• **WHAT IS BEING ASKED**
Run through the records and show each line that includes the string "Lemma".

Collected data entries
------------------------------

Lemma lagrange_point_Ctilde u0 v0 g0 l : -1 < l < 1 ->
  gfun alpha beta g0 (`|u0| ^+ 2 - `|v0| ^+ 2) (`|u0| ^+ 2 + `|v0| ^+ 2) l = 0 ->
  C (lagrange_point u0 v0 g0 l).
Proof.
case/andP=> l1 l2; have [n1 n2] : 1 + l != 0 /\ 1 - l != 0 by split; apply/eqP; lra.
have n3 : 1 - l ^+ 2 != 0 by apply/eqP; nra.
rewrite /gfun /Ctilde /= !normZ_sqr => g0_root.
rewrite -[LHS]subr0 -g0_root; field.
by rewrite gt_eqF // n1 n2 n3.
Qed.

Lemma wproj_lagrange_point (u0 v0 : X) g0 (G : R -> R) : alpha != 0 ->
  (exists l, -1 < l < 1 /\ G l = 0) ->
  (forall l, -1 < l < 1 -> G l = 0 -> C (lagrange_point u0 v0 g0 l)) ->
  (exists! l, -1 < l < 1 /\ G l = 0) /\
  (forall l, -1 < l < 1 -> G l = 0 ->
     P (u0, v0, g0) = [set lagrange_point u0 v0 g0 l]).
Proof.
move=> alpha0 [l0 [hl0 Gl0]] hC.
have PE l : -1 < l < 1 -> G l = 0 -> P (u0, v0, g0) = [set lagrange_point u0 v0 g0 l].
  by move=> hl Gl; exact: (wproj_interior hl (lagrange_point_multiplier _ _ _ hl) (hC _ hl Gl)).
split=> //; exists l0; split=> // l [hl Gl].
(* [l] is read off the last coordinate of the unique nearest point. *)
have : [set lagrange_point u0 v0 g0 l0] (lagrange_point u0 v0 g0 l).
  by rewrite -PE // (PE l).
have b2 : (beta ^+ 2)^-1 != 0 by rewrite invr_eq0 expf_neq0 ?gt_eqF.
by case=> _ _ /addrI/(mulIf b2)/(mulIf alpha0).
Qed.

Lemma wproj_origin g0 : alpha != 0 -> `|alpha * g0| <= alpha ^+ 2 / beta ^+ 2 ->
  P (0, 0, g0) = [set (0, 0, 0)].
Proof.
move=> alpha0; rewrite ler_norml => /andP[ag1 ag2].
have c0 : 0 < beta ^+ 2 / alpha ^+ 2.
  by rewrite divr_gt0 ?exprn_even_gt0 ?alpha0 ?gt_eqF.
have c1 : beta ^+ 2 / alpha ^+ 2 * (alpha ^+ 2 / beta ^+ 2) = 1.
  by field; rewrite alpha0 gt_eqF.
set l := - (beta ^+ 2 * g0 / alpha).
have el : l = - (beta ^+ 2 / alpha ^+ 2 * (alpha * g0)) by rewrite /l; field.
have hl : -1 <= l <= 1 by rewrite el; nra.
have hz : lagrange_multiplier l (0, 0, g0) (0, 0, 0).
  by split; rewrite /= ?scaler0 // /l; field.
have C0 : C (0, 0, 0) by rewrite /Ctilde /= normr0 expr0n /= mulr0 subrr.
apply/seteqP; split=> [[[u v] g]|w ->]; rewrite (wproj_excess hl hz C0).
- case=> Cw ex0; move/eqP: (ex0); rewrite excess_eq0 // => /and3P[_ _ /eqP /= g_eq0].
  move: Cw ex0; rewrite /Ctilde /excess /= g_eq0 !subr0 expr0n /= !mulr0 addr0.
  move=> Cw ex0; have uv : `|v| ^+ 2 = `|u| ^+ 2 by lra.
  rewrite uv in ex0; have u_eq0 : `|u| ^+ 2 = 0 by lra.
  have v_eq0 : `|v| ^+ 2 = 0 by lra.
  by move/eqP: v_eq0; move/eqP: u_eq0; rewrite !sqrf_eq0 !normr_eq0 => /eqP-> /eqP->.
- by split=> //; apply/eqP; rewrite excess_eq0 // !eqxx !orbT.
Qed.

Lemma wproj_sphere_u (v0 : X) g0 : (exists x : X, x != 0) ->
  0 <= 2 * alpha * (g0 - alpha / beta ^+ 2) + `|v0| ^+ 2 / 4 ->
  P (0, v0, g0) =
    [set w | exists u : X,
       `|u| = Num.sqrt (2 * alpha * (g0 - alpha / beta ^+ 2) + `|v0| ^+ 2 / 4)
       /\ w = (u, 2^-1 *: v0, g0 - alpha / beta ^+ 2)].
Proof.
set r := _ + _ => X_nontrivial r0; set gs := g0 - _.
have half_v0 : `|2^-1 *: v0| ^+ 2 = `|v0| ^+ 2 / 4.
  by rewrite normZ_sqr; field.
have Cr u : `|u| = Num.sqrt r -> C (u, 2^-1 *: v0, gs).
  by move=> ur; rewrite /Ctilde /= ur sqr_sqrtr // half_v0 /r /gs; lra.
have [u1 u1r] := exists_normr_eq X_nontrivial (sqrtr_ge0 r).
have hl : -1 <= (-1 : R) <= 1 by apply/andP; split; lra.
have hz : lagrange_multiplier (-1) (0, v0, g0) (u1, 2^-1 *: v0, gs).
  split=> /=; first by rewrite addrN scale0r.
    by rewrite opprK scalerA -[1 + 1]/2 divff ?scale1r // pnatr_eq0.
  by rewrite /gs; field; rewrite gt_eqF.
have n2 : (1 - -1 : R) != 0 by rewrite opprK -[1 + 1]/2 pnatr_eq0.
apply/seteqP; split=> [[[u v] g]|w [u [ur ->]]]; rewrite (wproj_excess hl hz (Cr _ u1r)).
- case=> Cw /eqP; rewrite excess_eq0 // addrN eqxx (negbTE n2) /=.
  case/andP=> /eqP vE /eqP gE; exists u; split; last by rewrite vE gE.
  move: Cw; rewrite /Ctilde /= vE gE half_v0 => Cw.
  by rewrite -[LHS]normr_id -sqrtr_sqr /r -/gs; congr Num.sqrt; lra.
- by split; [exact: Cr | apply/eqP; rewrite excess_eq0 // addrN !eqxx orbT].
Qed.

Definition wswap (w : X * X * R) : X * X * R := (w.1.2, w.1.1, - w.2).

Lemma wswapK : involutive wswap.
Proof. by case=> [[u v] g]; rewrite /wswap /= opprK. Qed.

Lemma Ctilde_wswap w : C (wswap w) <-> C w.
Proof. by rewrite /Ctilde /=; split=> Cw; lra. Qed.

Lemma wdist_wswap w z : wdist beta (wswap w) (wswap z) = wdist beta w z.
Proof. by rewrite /wdist /wnorm /= -opprD normrN (addrC (`|w.1.2 - _| ^+ 2)). Qed.

Lemma wproj_wswap z w : P z w -> P (wswap z) (wswap w).
Proof.
case=> Cw wmin; split=> [|w' Cw']; first exact/Ctilde_wswap.
by rewrite -[w']wswapK !wdist_wswap; apply: wmin; apply/Ctilde_wswap.
Qed.

Lemma wproj_sphere_v (u0 : X) g0 : (exists x : X, x != 0) ->
  0 <= - (2 * alpha * (g0 + alpha / beta ^+ 2)) + `|u0| ^+ 2 / 4 ->
  P (u0, 0, g0) =
    [set w | exists v : X,
       `|v| = Num.sqrt (- (2 * alpha * (g0 + alpha / beta ^+ 2)) + `|u0| ^+ 2 / 4)
       /\ w = (2^-1 *: u0, v, g0 + alpha / beta ^+ 2)].
Proof.
move=> X_nontrivial r0.
have er : 2 * alpha * (- g0 - alpha / beta ^+ 2) + `|u0| ^+ 2 / 4 =
          - (2 * alpha * (g0 + alpha / beta ^+ 2)) + `|u0| ^+ 2 / 4 by ring.
have := @wproj_sphere_u u0 (- g0) X_nontrivial; rewrite er => /(_ r0) E.
have eg : - (- g0 - alpha / beta ^+ 2) = g0 + alpha / beta ^+ 2 by rewrite opprD !opprK.
apply/seteqP; split=> [w /wproj_wswap|w [v [vr ->]]].
- rewrite E => -[v [vr wE]]; exists v; split=> //.
  by rewrite -[w]wswapK wE /wswap /= eg.
- have : P (0, u0, - g0) (v, 2^-1 *: u0, - g0 - alpha / beta ^+ 2) by rewrite E; exists v.
  by move/wproj_wswap; rewrite /wswap /= opprK eg.
Qed.

End Projection.

Lemma poly_root_N11 (R : realType) (p : {poly R}) :
  p.[-1] * p.[1] < 0 -> exists2 l, -1 < l < 1 & p.[l] = 0.
Proof.
have le11 : -1 <= (1 : R) by lra.
by case/(poly_ivtoo le11)=> l; rewrite in_itv /= => l_in /rootP; exists l.
Qed.

Section MultiplierEquations.
Variables (R : realType) (alpha beta gamma0 : R).
Hypothesis beta_neq0 : beta != 0.

Local Notation k := (alpha ^+ 2 / beta ^+ 2).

------------------------------

• **RESPONSE TO THIS EXERCISE**
Lemma lagrange_point_Ctilde u0 v0 g0 l : -1 < l < 1 ->
Lemma wproj_lagrange_point (u0 v0 : X) g0 (G : R -> R) : alpha != 0 ->
Lemma wproj_origin g0 : alpha != 0 -> `|alpha * g0| <= alpha ^+ 2 / beta ^+ 2 ->
Lemma wproj_sphere_u (v0 : X) g0 : (exists x : X, x != 0) ->
Lemma wswapK : involutive wswap.
Lemma Ctilde_wswap w : C (wswap w) <-> C w.
Lemma wdist_wswap w z : wdist beta (wswap w) (wswap z) = wdist beta w z.
Lemma wproj_wswap z w : P z w -> P (wswap z) (wswap w).
Lemma wproj_sphere_v (u0 : X) g0 : (exists x : X, x != 0) ->
Lemma poly_root_N11 (R : realType) (p : {poly R}) :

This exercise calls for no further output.